In today's digital art : Surface Tension, I notice how the lily pads are clearly the subject. They are on the surface, after all. But they would be uninteresting without the royal blue of the sky and opalescent clouds floating behind them. Yet even these are actually indirect clues to a mysterious depth that lies beneath. It can be very hard to even recognize that there is something OTHER than the surface.

This week echoed the subject of the last post, that of trying to hear and heed the spirit within when so much good sense is shouting even from within your own head. In early 2011 I took on newsletter duties for our local artist group. They needed the service and I had the skill set to deliver it. It offered the opportunity to learn a new piece of software, InDesign, and much to my surprise it invigorated the membership to a shocking degree. Not a meeting goes by that several people don't rave about how good the newsletter is, how they look forward to receiving it each month. I loved doing it, though it was a frightful amount of work, 12-15 hours on each monthly issue.

I accepted the duties for 2012 of course, but this week I announced to the board that I would be trimming back on the content. By the end of the year the membership would be accustomed to a simpler document that most anyone could replicate in Word or Front Page or whatever they wanted to use. I would not be continuing these duties in 2013, nor did I want to be on the nominating committee for next year's officers.

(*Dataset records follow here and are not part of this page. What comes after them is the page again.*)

(* Any data structure for $n$-vertex directed graphs that decides, for any query set $F$ of at most $2f$ failing edges with $2f = O(\log n)$, whether the fault-tolerant diameter $\mathrm{diam}(G-F)$ is finite requires $\Omega(2^f n)$ bits of space.
   Context: $G-F$ is $G$ with the edges of $F$ removed and $\mathrm{diam}(H)=\max_{s,t} d_H(s,t)$, the maximum shortest-path distance over ordered vertex pairs; it is finite iff $H$ is strongly connected. *)

From mathcomp Require Import all_boot.
Set Implicit Arguments. Unset Strict Implicit. Unset Printing Implicit Defensive.

Definition loopless n (E : {set 'I_n * 'I_n}) : Prop :=
  forall v : 'I_n, (v, v) \notin E.

Definition remove_edges n (E F : {set 'I_n * 'I_n}) : {set 'I_n * 'I_n} :=
  E :\: F.

Definition adj n (E : {set 'I_n * 'I_n}) : rel 'I_n :=
  fun u v => (u, v) \in E.

Definition dist_le n (E : {set 'I_n * 'I_n}) (s t : 'I_n) (k : nat) : Prop :=
  exists p : seq 'I_n, [/\ path (adj E) s p, last s p = t & size p <= k].

Definition diam_le n (E : {set 'I_n * 'I_n}) (D : nat) : Prop :=
  forall s t : 'I_n, dist_le E s t D.

Definition diam_finite n (E : {set 'I_n * 'I_n}) : Prop :=
  exists D : nat, diam_le E D.

From mathcomp Require Import all_boot zify.
Set Implicit Arguments. Unset Strict Implicit. Unset Printing Implicit Defensive.

(* Write f = g + 1.  A bit array b indexed by (k, x, y), k < K, x < 2^f and
   y < 2^g, is stored in a digraph G_b: block k holds a tree T1 whose leaves x
   have arcs to the leaves y of a tree T2 as prescribed by b.  For i = (k, x, y)
   the failure set F_i consists of the arcs leaving the root-to-leaf path of x
   in T1 (f arcs), the arcs entering the leaf-to-root path of y in T2 (g arcs),
   and the hub arc into the root of T2.  In G_b - F_i the only arc that can
   enter the set of T1 nodes off the first path and T2 nodes on the second
   from outside is the arc from leaf x to leaf y.  If b i = 0 that set, which
   contains the root of T2, is unreachable from the hub; if b i = 1 the hub
   reaches the root of T2 along both paths, and from there everything.  The
   oracle thus recovers b from its s bits, so s >= K 2^(2g+1), and blocks of
   2^(g+3) vertices leave room for enough of them to make this 2^f n / 16. *)

Lemma diam_finiteP n (E : {set 'I_n * 'I_n}) :
  diam_finite E <-> (forall s t : 'I_n, connect (adj E) s t).
Proof.
split=> [[D dE] s t | conn].
  by have [p [pp lp _]] := dE s t; apply/connectP; exists p.
exists n => s t; have /connectP[p pp ->] := conn s t.
have [p' pp' /card_uniqP size_p' _] := shortenP pp.
exists p'; split=> //.
by have := max_card (mem (s :: p')); rewrite size_p' card_ord => /ltnW.
Qed.

Lemma connect_pred_closed (T : finType) (e : rel T) (S : pred T) x y :
  (forall u v, e u v -> S v -> S u) -> connect e x y -> S y -> S x.
Proof.
move=> closedS /connectP[p + ->]; elim: p x => [|z p IHp] x //= /andP[exz pz] Sy.
exact: closedS exz (IHp z pz Sy).
Qed.

Lemma connect_chain_down (T : finType) (e : rel T) (x : nat -> T) D :
  (forall a, a < D -> e (x a.+1) (x a)) -> connect e (x D) (x 0).
Proof.
elim: D => [|D IHD] step; first exact: connect0.
apply: connect_trans (connect1 (step D _)) (IHD _) => // a ltaD.
exact: step (ltnW ltaD).
Qed.

Lemma connect_chain_up (T : finType) (e : rel T) (x : nat -> T) D :
  (forall a, a < D -> e (x a) (x a.+1)) -> connect e (x 0) (x D).
Proof.
elim: D => [|D IHD] step; first exact: connect0.
apply: connect_trans (IHD _) (connect1 (step D _)) => // a ltaD.
exact: step (ltnW ltaD).
Qed.

Lemma decodable_card_le (X : finType) s (code : {ffun X -> bool} -> s.-tuple bool)
    (decode : X -> s.-tuple bool -> bool) :
  (forall b i, decode i (code b) = b i) -> #|X| <= s.
Proof.
move=> codeK; have code_inj : injective code.
  by move=> b b' eq_code; apply/ffunP => i; rewrite -!codeK eq_code.
by have := leq_card _ code_inj; rewrite card_ffun card_tuple !card_bool leq_exp2l.
Qed.

(* Heap indexing: the root is 1 and the children of m are 2m and 2m+1, so the
   ancestors of l are the l %/ 2 ^ a and the leaves of depth D are [2^D, 2^D.+1). *)
Definition heap_anc D l m := [exists a : 'I_D.+1, l %/ 2 ^ a == m].

Definition heap_sibling x := x %/ 2 * 2 + (1 - x %% 2).

Lemma heap_ancP D l m : reflect (exists2 a, a <= D & l %/ 2 ^ a = m) (heap_anc D l m).
Proof.
apply: (iffP existsP) => [[a /eqP <-]|[a leaD <-]]; first by exists a; rewrite // -ltnS.
by exists (Ordinal (leaD : a < D.+1)).
Qed.

Lemma divn_exp2S l a : l %/ 2 ^ a.+1 = l %/ 2 ^ a %/ 2.
Proof. by rewrite expnSr divnMA. Qed.

Section HeapLeaf.

Variables D l : nat.
Hypothesis leaf_l : 2 ^ D <= l < 2 ^ D.+1.

Lemma heap_anc_range a : a <= D -> 0 < l %/ 2 ^ a < 2 ^ D.+1.
Proof.
case/andP: leaf_l => ge_l lt_l leaD; rewrite divn_gt0 ?expn_gt0 //.
by rewrite (leq_trans (leq_pexp2l _ leaD)) ?(leq_ltn_trans (leq_div _ _)).
Qed.

Lemma heap_root : l %/ 2 ^ D = 1.
Proof.
case/andP: leaf_l => ge_l lt_l; apply/eqP; rewrite eqn_leq.
by rewrite -ltnS ltn_divLR ?leq_divRL ?expn_gt0 // mul1n -expnS lt_l.
Qed.

Lemma heap_anc_root : heap_anc D l 1.
Proof. by apply/heap_ancP; exists D; rewrite ?heap_root. Qed.

Lemma heap_anc_leaf m : heap_anc D l m -> 2 ^ D <= m -> m = l.
Proof.
case/heap_ancP=> [[|a] leaD <-]; first by rewrite divn1.
have : l %/ 2 ^ a.+1 <= l %/ 2 by rewrite divn_exp2S leq_div2r ?leq_div.
case/andP: leaf_l => _; rewrite expnS; move: (l %/ 2 ^ a.+1) => x; lia.
Qed.

Lemma heap_path_exit p q : heap_anc D l p -> ~~ heap_anc D l q -> q %/ 2 = p -> p < 2 ^ D ->
  exists i : 'I_D, p = l %/ 2 ^ i.+1 /\ q = heap_sibling (l %/ 2 ^ i).
Proof.
case/heap_ancP=> [[|i] leiD def_p] q_off q_child lt_p.
  by move: leaf_l lt_p; rewrite -def_p divn1; lia.
exists (Ordinal (leiD : i < D)); split=> //=.
have : q != l %/ 2 ^ i.
  by apply: contraNneq q_off => ->; apply/heap_ancP; exists i; rewrite 1?ltnW.
by move: def_p; rewrite divn_exp2S /heap_sibling; move: (l %/ 2 ^ i) => x; lia.
Qed.

End HeapLeaf.

Section Gadget.

Variables (n' K g : nat).

Local Notation V := 'I_n'.+1.
Local Notation Q := (2 ^ g).
Local Notation P := (4 * 2 ^ g).
Local Notation M := (8 * 2 ^ g).

(* Vertex 0 is a hub and vertex 1 + k * M + j is slot j of block k < K; the
   remaining vertices are padding.  Every vertex has an arc to the hub, and the
   hub has an arc to every vertex except the non-root tree nodes.  In each block, slots [1, P) hold a complete binary tree T1 of depth g + 1 with
   arcs towards the leaves, and slots P + x, x in [1, 2Q), a tree T2 of depth g
   with arcs towards its root P + 1; leaf 2Q + x of T1 has an arc to leaf
   P + Q + y of T2 iff bit (k, x, y) is set, and the root of T2 has an arc to
   every other tree node of its block. *)
Definition block (v : V) := v.-1 %/ M.
Definition slot (v : V) := v.-1 %% M.
Definition in_block (v : V) := (0 < v) && (block v < K).
Definition node k j : V := inord (1 + k * M + j).
Definition hub : V := ord0.

Definition tree1 j := 0 < j < P.
Definition leaf1 j := 2 * Q <= j < P.
Definition tree2 j := P < j < P + 2 * Q.
Definition leaf2 j := P + Q <= j < P + 2 * Q.
Definition root2 := P.+1.
Definition hub_target j := [|| ~~ (tree1 j || tree2 j), j == 1 | j == root2].

Definition Idx := ('I_K * 'I_(2 * Q) * 'I_Q)%type.
Definition idx_nat (i : Idx) := (i.1.1 : nat, i.1.2 : nat, i.2 : nat).
Definition bit_at (b : {ffun Idx -> bool}) k x y :=
  [exists i, b i && (idx_nat i == (k, x, y))].

Definition block_arc b k j j' :=
  [|| [&& tree1 j, tree1 j' & j' %/ 2 == j],
      [&& tree2 j, tree2 j' & (j - P) %/ 2 == j' - P],
      [&& leaf1 j, leaf2 j' & bit_at b k (j - 2 * Q) (j' - P - Q)]
    | [&& j == root2, tree1 j' || tree2 j' & j' != root2]].

Definition arc b (u v : V) :=
  [|| (u != hub) && (v == hub),
      [&& u == hub, v != hub & ~~ in_block v || hub_target (slot v)]
    | [&& in_block u, in_block v, block u == block v &
          block_arc b (block u) (slot u) (slot v)]].

Definition graph b := [set e : V * V | arc b e.1 e.2].

Lemma idx_nat_inj : injective idx_nat.
Proof.
by move=> [[k x] y] [[k' x'] y'] [/val_inj-> /val_inj-> /val_inj->].
Qed.

Lemma bit_atE b (i : Idx) : bit_at b i.1.1 i.1.2 i.2 = b i.
Proof.
apply/existsP/idP => [[i' /andP[bi' /eqP/idx_nat_inj <-]] // | bi].
by exists i; rewrite bi /=.
Qed.

Lemma M_gt0 : 0 < M. Proof. by rewrite muln_gt0 expn_gt0. Qed.

Lemma slot_lt v : slot v < M. Proof. by rewrite ltn_mod M_gt0. Qed.

Lemma tree1_tree2 j : tree1 j -> tree2 j = false.
Proof. by rewrite /tree1 /tree2; lia. Qed.

Lemma tree2_tree1 j : tree2 j -> tree1 j = false.
Proof. by rewrite /tree1 /tree2; lia. Qed.

Lemma tree_lt j : tree1 j || tree2 j -> j < M.
Proof. by rewrite /tree1 /tree2; lia. Qed.

Lemma tree2_root2 : tree2 root2.
Proof. by rewrite /tree2 /root2; have := expn_gt0 2 g; lia. Qed.

Lemma tree1_1 : tree1 1.
Proof. by rewrite /tree1; have := expn_gt0 2 g; move: (2 ^ g) => q; lia. Qed.

Lemma leaf1_tree1 j : leaf1 j -> tree1 j.
Proof. by rewrite /tree1 /leaf1; have := expn_gt0 2 g; move: (2 ^ g) => q; lia. Qed.

Lemma leaf2_tree2 j : leaf2 j -> tree2 j.
Proof. by rewrite /tree2 /leaf2; have := expn_gt0 2 g; move: (2 ^ g) => q; lia. Qed.

Lemma leaf1_ge j : leaf1 j -> 2 ^ g.+1 <= j.
Proof. by rewrite /leaf1 expnS; lia. Qed.

Lemma leaf2_ge j : leaf2 j -> 2 ^ g <= j - P.
Proof. by rewrite /leaf2; lia. Qed.

Lemma root2_lt : root2 < M.
Proof. by apply: tree_lt; rewrite tree2_root2 orbT. Qed.

Lemma tree1_heap x : 0 < x < 2 ^ g.+2 -> tree1 x.
Proof. by rewrite /tree1 !expnS mulnA. Qed.

Lemma tree2_heap x : 0 < x < 2 ^ g.+1 -> tree2 (P + x).
Proof. by rewrite /tree2 expnS; lia. Qed.

Lemma block_arc_irrefl b k j : ~~ block_arc b k j j.
Proof.
by apply/negP; case/or4P=> /and3P[]; rewrite /tree1 /tree2 /leaf1 /leaf2; lia.
Qed.

Lemma loopless_graph b : loopless (graph b).
Proof.
move=> v; rewrite inE /arc /=.
by case: eqP => _; rewrite ?andbF /= (negbTE (block_arc_irrefl _ _ _)) !andbF.
Qed.

Hypothesis blocks_fit : K * M <= n'.

Section Node.

Variables k j : nat.
Hypotheses (lt_k : k < K) (lt_j : j < M).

Why? Was it something they said? No. It's just that club concerns (there have been others) have filled so much of my thoughts, even the little bits between tasks, that I have not spared enough thought for painting or any creative endeavor. I have nothing at all to present at the member show-and-tell, nothing for the fall show. I am sorely missing the creative challenge and personal development. Why did I allow myself to take this side road? Because I was being useful, and that felt good. It fed the lizard, the one who worries constantly that if one is not delivering quantifiable value to an audience then you do not deserve your living. Being useful here justified myself as a citizen of the community. This 'useful' tank has been hanging on empty for a long time. What I learned, finally, is that the creative tank needs to be refilled even more than the useful tank. I used to be able to fill both from my job. For a while now it's been neither. For a while I chose to fill 'useful'. It fed the ego, but it didn't feed the spirit. Now I know the importance of creative activity for my vitality.

You can see in this week's decision the influence of the previous two posts: The perennially human quest for the Grail and Joel Osteen's reminder: You cannot please everyone. Keep your focus on pleasing God.